This algorithm required multi-steps to compute the variables at the beginning and then through it work will update these variables by apply computation operations:

Step 1: The forward components

Step 1.1: Compute the gates:

Memory cell:

$$ a_{t} = \tanh \, \left( {W_{a} \cdot X_{t} + U_{a} \cdot {\text{out}}_{t} - 1 + b_{a} } \right). $$
(1)

Input gate:

$$ i_{t} = \sigma \left( {W_{I} \cdot X_{t} + U_{i} \cdot {\text{out}}_{t} - 1 + b_{i} } \right). $$
(2)

Forget gate:

$$ f_{t} = \sigma \left( {W_{f} \cdot X_{t} + U_{f} \cdot {\text{out}}_{t} - 1 + b_{f} } \right). $$
(3)

Output gate:

$$ o_{t} = \sigma \left( {W_{o} \cdot X_{t} + U_{o} \cdot {\text{out}}_{t} - 1 + b_{o} } \right). $$
(4)

Then fined: internal state:

$$ {\text{State}}_{t} = a_{t} \odot i_{t} + f_{t} \odot {\text{state}}_{t - 1} . $$
(5)

Output:

$$ {\text{out}}_{{\text{t}}} = {\text{ tanh}}\left( {{\text{state}}} \right) \odot o_{t} , $$
(6)

where

$$ {\text{Gate }}S_{t} = \left[ {\begin{array}{*{20}c} {a_{t} } \\ {i_{t} } \\ {f_{t} } \\ {o_{t} } \\ \end{array} } \right], \;W = \left[ {\begin{array}{*{20}c} {W_{a} } \\ {W_{i} } \\ {W_{f} } \\ {W_{o} } \\ \end{array} } \right],U = \left[ {\begin{array}{*{20}c} {U_{a} } \\ {U_{i} } \\ {U_{f} } \\ {U_{o} } \\ \end{array} } \right],\;b = \left[ {\begin{array}{*{20}c} {b_{a} } \\ {b_{i} } \\ {b_{f} } \\ {b_{o} } \\ \end{array} } \right]. $$

Step. 2: The backward components:

Step 2.1. Find

\(\Delta t\) the output difference as computed by any subsequent.

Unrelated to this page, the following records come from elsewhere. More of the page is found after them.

(* Let $\psi=(N,h):\Sigma\to\mathbb{H}^2\times\mathbb{R}$ be a conformal immersion with regular vertical projection which, with respect to its canonical orientation ($u>0$), has constant mean curvature $H=1/2$. Then its hyperbolic Gauss map $G:\Sigma\to\mathbb{H}^2$ is harmonic, and $\langle G_z,G_z\rangle=-Q$, where $Q\,dz^2$ is the Abresch–Rosenberg differential of $\psi$.
   Context: $\mathbb{L}^4$ is $\mathbb{R}^4$ with metric $\langle,\rangle=-dx_0^2+dx_1^2+dx_2^2+dx_3^2$, $\mathbb{L}^3$ the subspace of the first three coordinates, $\mathbb{H}^2=\{x\in\mathbb{L}^3:\langle x,x\rangle=-1,x_0>0\}$, and $\mathbb{H}^2\times\mathbb{R}\subset\mathbb{L}^4$. A surface is a conformal immersion $\psi=(N,h):\Sigma\to\mathbb{H}^2\times\mathbb{R}$ of a connected Riemann surface, with $N:\Sigma\to\mathbb{H}^2$ (vertical projection), $h:\Sigma\to\mathbb{R}$ (height function, assumed not locally constant), induced metric $\lambda|dz|^2$ for a local conformal parameter $z$. Its unit normal $\eta=(\hat N,u)$ is the unit vector field in $\mathbb{L}^4$ orthogonal to $\psi_z,\psi_{\bar z}$ and to $N$ (i.e. normal to $\psi$ and tangent to $\mathbb{H}^2\times\mathbb{R}$); $u$ is the angle function. The Hopf differential is $p\,dz^2=-\langle\psi_z,\eta_z\rangle dz^2$, $H$ is the mean curvature, and the Abresch–Rosenberg differential is $Q\,dz^2$ with $Q=2Hp+h_z^2$. $\psi$ has regular vertical projection if $dN$ is an isomorphism everywhere, equivalently $u$ never vanishes; such a surface is canonically oriented so that $u>0$. Its hyperbolic Gauss map is the map $G:\Sigma\to\mathbb{H}^2$ defined by $(G,1)=\frac1u(\eta+N)$ (this vector lies in the future light cone and has last coordinate $1$). *)

From Stdlib Require Import Reals List.
From Coquelicot Require Import Coquelicot.
Open Scope R_scope.
Lemma cell_step (n m : N) P Q : unit_square P -> unit_square Q -> n != m ->
  exists n' e f, [/\ adjacent R n n', cell_pt n e = cell_pt n' f,
    (cell_dist n' m < cell_dist n m)%N, edge_pts P e /\ edge_pts P f &
    l1_dist (cell_pt n P) (cell_pt n e) + l1_dist (cell_pt n e) (cell_pt m Q)
    = l1_dist (cell_pt n P) (cell_pt m Q)].
Proof.
case: n m => [n1 n2] [m1 m2] [P1 P2] [Q1 Q2].
rewrite xpair_eqE negb_and => /orP[/coord_step [i [e [f [ni ef lt sum]]]]
                                  | /coord_step [j [e [f [nj ef lt sum]]]]].
- exists (i, n2), (e%:R, P.2), (f%:R, P.2); split.
  + by left.
  + by rewrite /cell_pt /= ef.
  + by rewrite /cell_dist /=; lia.
  + by split; [exists e | exists f]; left.
  + by rewrite /l1_dist /= addrACA sum // subrr normr0 add0r.
- exists (n1, j), (P.1, e%:R), (P.1, f%:R); split.
  + by right.
  + by rewrite /cell_pt /= ef.
  + by rewrite /cell_dist /=; lia.
  + by split; [exists e | exists f]; right.
  + by rewrite /l1_dist /= addrACA sum // subrr normr0 add0r.
Qed.

(* [tensor_S SY q] is [(sel2 q, SY (rescale q))] by definition. *)
Definition sel2 q : N := (sel q.1, sel q.2).
Definition rescale q : R * R := (3 * q.1 - nR R (sel q.1), 3 * q.2 - nR R (sel q.2)).

Lemma cell_pt_rescale q : cell_pt (sel2 q) (rescale q) = q.
Proof. by case: q => x y; rewrite /cell_pt /=; congr pair; lra. Qed.

Lemma sel_rescale x : 0 <= x <= 1 -> [/\ 0 <= 3 * x - nR R (sel x) <= 1,
  x = 0 -> 3 * x - nR R (sel x) = 0 & x = 1 -> 3 * x - nR R (sel x) = 1].
Proof.
move=> /andP[x0 x1]; rewrite /sel /nR.
case: ifP => [lt1 | /negbT]; last case: ifP => [lt2 | /negbT]; rewrite -?leNgt inordK //.
all: by split; [apply/andP; split | move=> ex | move=> ex]; lra.
Qed.

Lemma M0_rescale q : M0 q -> M0 (rescale q).
Proof.
move=> [q1 [q2 edge]].
have [r1 r1_0 r1_1] := sel_rescale q1; have [r2 r2_0 r2_1] := sel_rescale q2.
split=> //; split=> //=.
by case: edge => [/r1_0 | [/r1_1 | [/r2_0 | /r2_1]]]; auto.
Qed.

Lemma on_grid_bit p (b : bool) : on_grid p b%:R.
Proof. by exists (b * 3 ^ p)%N; rewrite natrM natrX. Qed.

Lemma on_grid0 x : 0 <= x <= 1 -> on_grid 0 x -> exists b : bool, x = b%:R.
Proof.
move=> /andP[x0 x1] [k]; rewrite expr0 mulr1 => xk; move: x1; rewrite xk lern1.
by case: k xk => [|[|]] // xk _; [exists false | exists true].
Qed.

Lemma on_grid_cell p (i : 'I_3) x : on_grid p x -> on_grid p.+1 ((nR R i + x) / 3).
Proof.
move=> [k xk]; exists (i * 3 ^ p + k)%N.
by rewrite exprS mulrA divfK ?pnatr_eq0 // mulrDl xk natrD natrM natrX.
Qed.

Lemma on_grid_rescale p (i : 'I_3) x :
  0 <= 3 * x - nR R i -> on_grid p.+1 x -> on_grid p (3 * x - nR R i).
Proof.
move=> ge0 [k xk].
have e : (3 * x - nR R i) * 3 ^+ p = k%:R - (i * 3 ^ p)%N%:R.
  by rewrite mulrBl -mulrA mulrCA -exprS xk natrM natrX.
have le : (i * 3 ^ p <= k)%N.
  by rewrite -(ler_nat R) -subr_ge0 -e mulr_ge0 // exprn_ge0.
by exists (k - i * 3 ^ p)%N; rewrite e natrB.
Qed.

Lemma grid_pt0_corner : grid_pt 0 `<=` corner.
Proof.
move=> q [[q1 [q2 _]] [/(on_grid0 q1) [r e1] /(on_grid0 q2) [s e2]]].
by exists r, s; rewrite -e1 -e2; case: q {q1 q2 e1 e2}.
Qed.

Lemma grid_pt_rescale p q : grid_pt p.+1 q -> grid_pt p (rescale q).
Proof.
move=> [Mq [g1 g2]]; have [/andP[r1 _] [/andP[r2 _] _]] := M0_rescale Mq.
by split; [exact: M0_rescale | split; apply: on_grid_rescale].
Qed.

Lemma plane_pt0 ns x y : plane_pt 0 ns x y = (x, y).
Proof. by rewrite /plane_pt !big_ord0 !add0r expr0 !divr1. Qed.

Lemma plane_pt_succ p ns x y :
  plane_pt p.+1 ns x y = cell_pt (ns 0%N) (plane_pt p (fun k => ns k.+1) x y).
Proof.
rewrite /plane_pt /cell_pt /=; congr pair;
  rewrite big_ord_recl /= !mulrDl big_distrl /= expr1 -!addrA; congr (_ + (_ + _));
  rewrite ?exprS ?invfM -?mulrA ?[_^-1 * 3^-1]mulrC //; apply: eq_bigr => k _.
all: by rewrite exprS invfM -mulrA [_^-1 * 3^-1]mulrC.
Qed.
End Plane.

Definition lift (R : realType) (Y : Type) (C : Y -> R * R -> Prop) (y : N * Y) (P : R * R) :=
  exists2 P', C y.2 P' & P = cell_pt y.1 P'.

Section Lift.
Variables (R : realType) (Y : Type) (dY : Y -> Y -> R) (SY : R * R -> Y).
Variable C : Y -> R * R -> Prop.
Hypothesis dY_ge0 : forall x y, 0 <= dY x y.
Hypothesis C_unit_square : forall y P, C y P -> unit_square P.

Local Notation tdist := (tensor_dist dY SY).

Lemma lift_unit_square a P : lift C a P -> unit_square P.
Proof. by move=> [P' /C_unit_square ? ->]; apply: cell_pt_unit_square. Qed.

\(\Delta {\text{OUT}}\) the output difference as computed by the next time-step

$$ \delta_{{{\text{out}}_t}} = \Delta_{{\text{t}}} + \Delta_{{{\text{out}}_t}} $$
(7)
$$ \delta {\text{state}}_{t} = \delta {\text{out}}_{{t{ }}} { } \odot { }o_{t} { } \odot { }\left( {{ }1 - {\text{ tanh}}^{2} \left( {{\text{state}}_{t} } \right)} \right) + \delta {\text{state}}_{t + 1} \odot { }f_{t + 1} . $$
(8)

Step 2.2: Gives

$$ \delta a_{t} = \delta {\text{state}}_{t} { } \odot { }i_{t} { } \odot { }\left( {1 - { }a_{t}^{2} { }} \right) $$
(9)
$$ \delta i_{t} = \delta {\text{state}}_{t} { } \odot { }a_{t} { } \odot { }i_{t} { } \odot \left( {1 - { }i_{t} { }} \right) $$
(10)
$$ \delta f_{t} = \delta {\text{state}}_{t} { } \odot {\text{ state}}_{t - 1} { } \odot { }f_{t} { } \odot { }\left( {1 - { }f_{t} { }} \right) $$
(11)
$$ \delta o_{t} = \delta {\text{out}}_{t} \odot {\text{ tanh}}({\text{state}}_{t} ){ } \odot { }o_{t} { } \odot \left( {1 - { }o_{t} { }} \right) $$
(12)
$$\delta {x}_{t}= {W}^{t} \cdot \delta {{\text{state}}}_{t}$$
(13)
$$\delta {{\text{out}}}_{t-1}= {U}^{t} \cdot \delta {{\text{state}}}_{t}.$$
(14)

Step 3: update to the internal parameter

$$\delta W= \sum_{t=0}^{T}\delta {\text{gate}}{s}_{t} \otimes {x}_{t}$$
(15)
$$\delta U= \sum_{t=0}^{T}\delta {\text{gates}}_{t+1} \otimes {{\text{out}}}_{t}$$
(16)
$$\delta b= \sum_{t=0}^{T}\delta {\text{gates}}_{t+1},$$
(17)

where

ʘ: is the element-wise product or Hadamard product

⊗: outer products will be represented

\(\sigma \): represents the sigmoid function

at: memory cell

it: input gate

ft: forget gate

ot: output gate

Statet: internal state

Outt: output

W: the weights of the input

U: the weights of recurrent connections.

figure b

Algorithm: LSTM

3.2.2 Gated Recurrent Unit (GRU)

GRU is a type of recurrent neural network (RNN) that is similar to the LSTM model, but with fewer parameters, making it faster on low complexity data sequences [30]. However, when dealing with high complexity data sequences, LSTM is more accurate and outperforms GRU [31]. One of the limitations of GRU is that it exposes the whole state each time without any mechanism to control the degree of state exposure [6]. Nevertheless, GRU has the ability to memorize sequential input data by storing prior input into the network's internal state, without using a separate memory cell. The structure of GRU consists of two gating units: the update gate, which controls the information that is updated and transferred to the next state cell, and the reset gate, which determines how to combine the currently entered information with the previous one [30].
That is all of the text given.